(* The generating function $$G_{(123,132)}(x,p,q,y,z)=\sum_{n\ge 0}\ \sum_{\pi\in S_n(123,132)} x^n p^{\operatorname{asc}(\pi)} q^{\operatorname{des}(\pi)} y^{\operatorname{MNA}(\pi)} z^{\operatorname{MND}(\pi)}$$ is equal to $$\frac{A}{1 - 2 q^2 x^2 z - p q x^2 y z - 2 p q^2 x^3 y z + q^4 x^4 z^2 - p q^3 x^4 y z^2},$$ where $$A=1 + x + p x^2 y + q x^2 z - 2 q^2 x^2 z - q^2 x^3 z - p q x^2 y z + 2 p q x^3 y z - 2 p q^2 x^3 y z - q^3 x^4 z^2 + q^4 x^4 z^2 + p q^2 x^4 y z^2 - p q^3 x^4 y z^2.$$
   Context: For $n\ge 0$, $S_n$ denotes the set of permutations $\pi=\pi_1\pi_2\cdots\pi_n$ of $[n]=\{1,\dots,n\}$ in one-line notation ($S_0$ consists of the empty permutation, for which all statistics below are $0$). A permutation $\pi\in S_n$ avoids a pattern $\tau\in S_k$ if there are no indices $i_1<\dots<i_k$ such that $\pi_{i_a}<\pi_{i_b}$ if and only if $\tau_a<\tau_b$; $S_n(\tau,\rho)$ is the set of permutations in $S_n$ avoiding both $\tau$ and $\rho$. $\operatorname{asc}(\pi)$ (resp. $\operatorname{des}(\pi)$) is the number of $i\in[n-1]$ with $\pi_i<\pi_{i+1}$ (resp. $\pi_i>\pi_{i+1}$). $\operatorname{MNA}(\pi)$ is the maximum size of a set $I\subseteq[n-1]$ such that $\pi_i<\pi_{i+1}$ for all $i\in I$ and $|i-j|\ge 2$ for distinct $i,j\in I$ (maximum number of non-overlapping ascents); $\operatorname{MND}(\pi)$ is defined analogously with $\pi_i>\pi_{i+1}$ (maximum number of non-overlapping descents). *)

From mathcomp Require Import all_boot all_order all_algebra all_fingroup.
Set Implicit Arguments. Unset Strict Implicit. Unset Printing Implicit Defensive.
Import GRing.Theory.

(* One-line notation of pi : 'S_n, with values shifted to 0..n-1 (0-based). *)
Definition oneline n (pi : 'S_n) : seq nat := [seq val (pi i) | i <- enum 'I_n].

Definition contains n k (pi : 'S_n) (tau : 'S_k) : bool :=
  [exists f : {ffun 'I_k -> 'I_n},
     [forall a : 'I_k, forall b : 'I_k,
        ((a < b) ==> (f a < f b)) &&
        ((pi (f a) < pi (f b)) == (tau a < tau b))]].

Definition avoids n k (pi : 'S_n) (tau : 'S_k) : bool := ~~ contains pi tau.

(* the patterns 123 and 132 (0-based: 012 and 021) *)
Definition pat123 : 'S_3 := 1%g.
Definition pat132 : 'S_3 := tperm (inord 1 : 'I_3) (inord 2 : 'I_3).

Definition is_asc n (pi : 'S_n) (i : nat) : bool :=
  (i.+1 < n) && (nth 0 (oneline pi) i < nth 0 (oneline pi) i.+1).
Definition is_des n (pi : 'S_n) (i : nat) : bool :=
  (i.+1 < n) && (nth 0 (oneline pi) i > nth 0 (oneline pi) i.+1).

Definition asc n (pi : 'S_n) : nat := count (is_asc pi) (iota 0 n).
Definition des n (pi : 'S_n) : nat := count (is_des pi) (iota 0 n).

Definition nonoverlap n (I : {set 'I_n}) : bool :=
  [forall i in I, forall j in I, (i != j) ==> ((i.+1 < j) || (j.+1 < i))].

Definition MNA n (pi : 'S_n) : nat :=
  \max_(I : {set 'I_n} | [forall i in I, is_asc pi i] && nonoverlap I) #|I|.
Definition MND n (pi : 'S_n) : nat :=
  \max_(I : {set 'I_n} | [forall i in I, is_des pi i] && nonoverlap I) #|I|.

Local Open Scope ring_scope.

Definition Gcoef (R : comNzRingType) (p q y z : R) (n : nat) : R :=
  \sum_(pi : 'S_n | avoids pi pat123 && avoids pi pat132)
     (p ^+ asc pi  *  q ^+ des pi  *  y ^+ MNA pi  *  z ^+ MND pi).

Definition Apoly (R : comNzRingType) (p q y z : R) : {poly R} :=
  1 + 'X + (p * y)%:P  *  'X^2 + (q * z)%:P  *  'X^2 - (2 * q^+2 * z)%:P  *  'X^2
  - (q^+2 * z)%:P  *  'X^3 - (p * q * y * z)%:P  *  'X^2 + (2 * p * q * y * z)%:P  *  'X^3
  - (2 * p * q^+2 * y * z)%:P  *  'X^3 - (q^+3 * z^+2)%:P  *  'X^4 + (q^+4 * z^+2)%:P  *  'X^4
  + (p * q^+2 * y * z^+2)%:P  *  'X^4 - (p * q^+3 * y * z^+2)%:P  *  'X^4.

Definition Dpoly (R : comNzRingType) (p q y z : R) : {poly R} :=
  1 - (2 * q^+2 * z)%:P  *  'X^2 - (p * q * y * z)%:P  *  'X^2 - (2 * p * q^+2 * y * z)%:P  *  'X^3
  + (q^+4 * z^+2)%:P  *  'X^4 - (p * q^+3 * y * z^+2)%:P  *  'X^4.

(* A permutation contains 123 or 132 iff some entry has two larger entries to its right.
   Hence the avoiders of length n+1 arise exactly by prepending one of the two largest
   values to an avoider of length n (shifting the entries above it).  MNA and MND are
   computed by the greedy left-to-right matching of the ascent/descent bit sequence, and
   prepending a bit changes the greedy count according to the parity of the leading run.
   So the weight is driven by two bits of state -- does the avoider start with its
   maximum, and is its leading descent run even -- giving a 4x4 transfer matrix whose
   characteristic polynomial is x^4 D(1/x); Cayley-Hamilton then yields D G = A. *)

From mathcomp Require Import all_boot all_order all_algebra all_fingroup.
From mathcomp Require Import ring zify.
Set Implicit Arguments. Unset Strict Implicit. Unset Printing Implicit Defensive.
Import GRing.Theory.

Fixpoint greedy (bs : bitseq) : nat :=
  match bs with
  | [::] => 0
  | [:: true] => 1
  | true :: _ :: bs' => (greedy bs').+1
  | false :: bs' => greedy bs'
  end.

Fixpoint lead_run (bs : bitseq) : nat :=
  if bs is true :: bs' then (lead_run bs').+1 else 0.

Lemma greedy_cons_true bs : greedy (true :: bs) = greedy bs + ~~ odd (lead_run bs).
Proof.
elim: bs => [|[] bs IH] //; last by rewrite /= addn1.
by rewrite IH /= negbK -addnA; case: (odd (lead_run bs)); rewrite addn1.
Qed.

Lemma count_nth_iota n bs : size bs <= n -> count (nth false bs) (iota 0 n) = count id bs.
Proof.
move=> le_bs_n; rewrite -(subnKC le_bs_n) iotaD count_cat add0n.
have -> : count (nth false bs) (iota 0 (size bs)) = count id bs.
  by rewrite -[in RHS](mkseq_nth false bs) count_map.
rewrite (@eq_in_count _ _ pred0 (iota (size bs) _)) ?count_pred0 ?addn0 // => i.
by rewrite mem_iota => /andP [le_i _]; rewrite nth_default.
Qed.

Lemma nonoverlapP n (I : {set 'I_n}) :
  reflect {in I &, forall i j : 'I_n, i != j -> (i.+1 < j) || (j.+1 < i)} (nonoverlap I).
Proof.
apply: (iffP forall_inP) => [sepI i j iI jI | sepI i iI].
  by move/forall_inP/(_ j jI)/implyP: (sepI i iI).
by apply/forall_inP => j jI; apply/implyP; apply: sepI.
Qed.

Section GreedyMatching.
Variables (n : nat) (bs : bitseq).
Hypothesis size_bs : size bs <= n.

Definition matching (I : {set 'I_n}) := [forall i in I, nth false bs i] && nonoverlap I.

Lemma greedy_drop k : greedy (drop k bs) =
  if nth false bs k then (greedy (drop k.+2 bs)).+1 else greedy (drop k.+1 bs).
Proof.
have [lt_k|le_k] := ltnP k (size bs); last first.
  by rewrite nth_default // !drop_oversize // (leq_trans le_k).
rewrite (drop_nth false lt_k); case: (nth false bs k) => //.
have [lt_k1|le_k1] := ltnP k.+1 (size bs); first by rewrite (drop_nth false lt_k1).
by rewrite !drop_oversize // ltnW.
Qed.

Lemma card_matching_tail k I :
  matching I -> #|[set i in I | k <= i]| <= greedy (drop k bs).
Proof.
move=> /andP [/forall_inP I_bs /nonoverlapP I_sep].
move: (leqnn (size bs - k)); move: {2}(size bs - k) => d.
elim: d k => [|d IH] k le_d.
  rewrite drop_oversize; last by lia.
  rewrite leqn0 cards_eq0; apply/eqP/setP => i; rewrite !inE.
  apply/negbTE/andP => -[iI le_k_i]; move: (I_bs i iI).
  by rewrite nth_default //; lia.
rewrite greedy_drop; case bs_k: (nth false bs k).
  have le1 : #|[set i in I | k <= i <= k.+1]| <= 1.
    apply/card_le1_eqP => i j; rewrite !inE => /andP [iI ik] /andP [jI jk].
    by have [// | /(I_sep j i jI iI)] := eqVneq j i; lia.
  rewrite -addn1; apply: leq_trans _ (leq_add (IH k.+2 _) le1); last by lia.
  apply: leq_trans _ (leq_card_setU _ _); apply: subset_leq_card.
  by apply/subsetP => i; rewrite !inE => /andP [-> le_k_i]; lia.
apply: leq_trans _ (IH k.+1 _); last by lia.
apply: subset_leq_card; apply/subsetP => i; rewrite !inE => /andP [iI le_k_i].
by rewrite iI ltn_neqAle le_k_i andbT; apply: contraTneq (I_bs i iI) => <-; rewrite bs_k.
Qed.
┄┄┄┄┄┄┄┄┄┄
• **ACTIVITY**: The required answer is the exact run of lines above starting at the line with "by rewrite !drop_oversize // ltnW." and ending at the line with "rewrite leqn0 cards_eq0;", with both ends present.

• **SOLVED EXERCISE**:
by rewrite !drop_oversize // ltnW.
Qed.

Lemma card_matching_tail k I :
  matching I -> #|[set i in I | k <= i]| <= greedy (drop k bs).
Proof.
move=> /andP [/forall_inP I_bs /nonoverlapP I_sep].
move: (leqnn (size bs - k)); move: {2}(size bs - k) => d.
elim: d k => [|d IH] k le_d.
  rewrite drop_oversize; last by lia.
  rewrite leqn0 cards_eq0; apply/eqP/setP => i; rewrite !inE.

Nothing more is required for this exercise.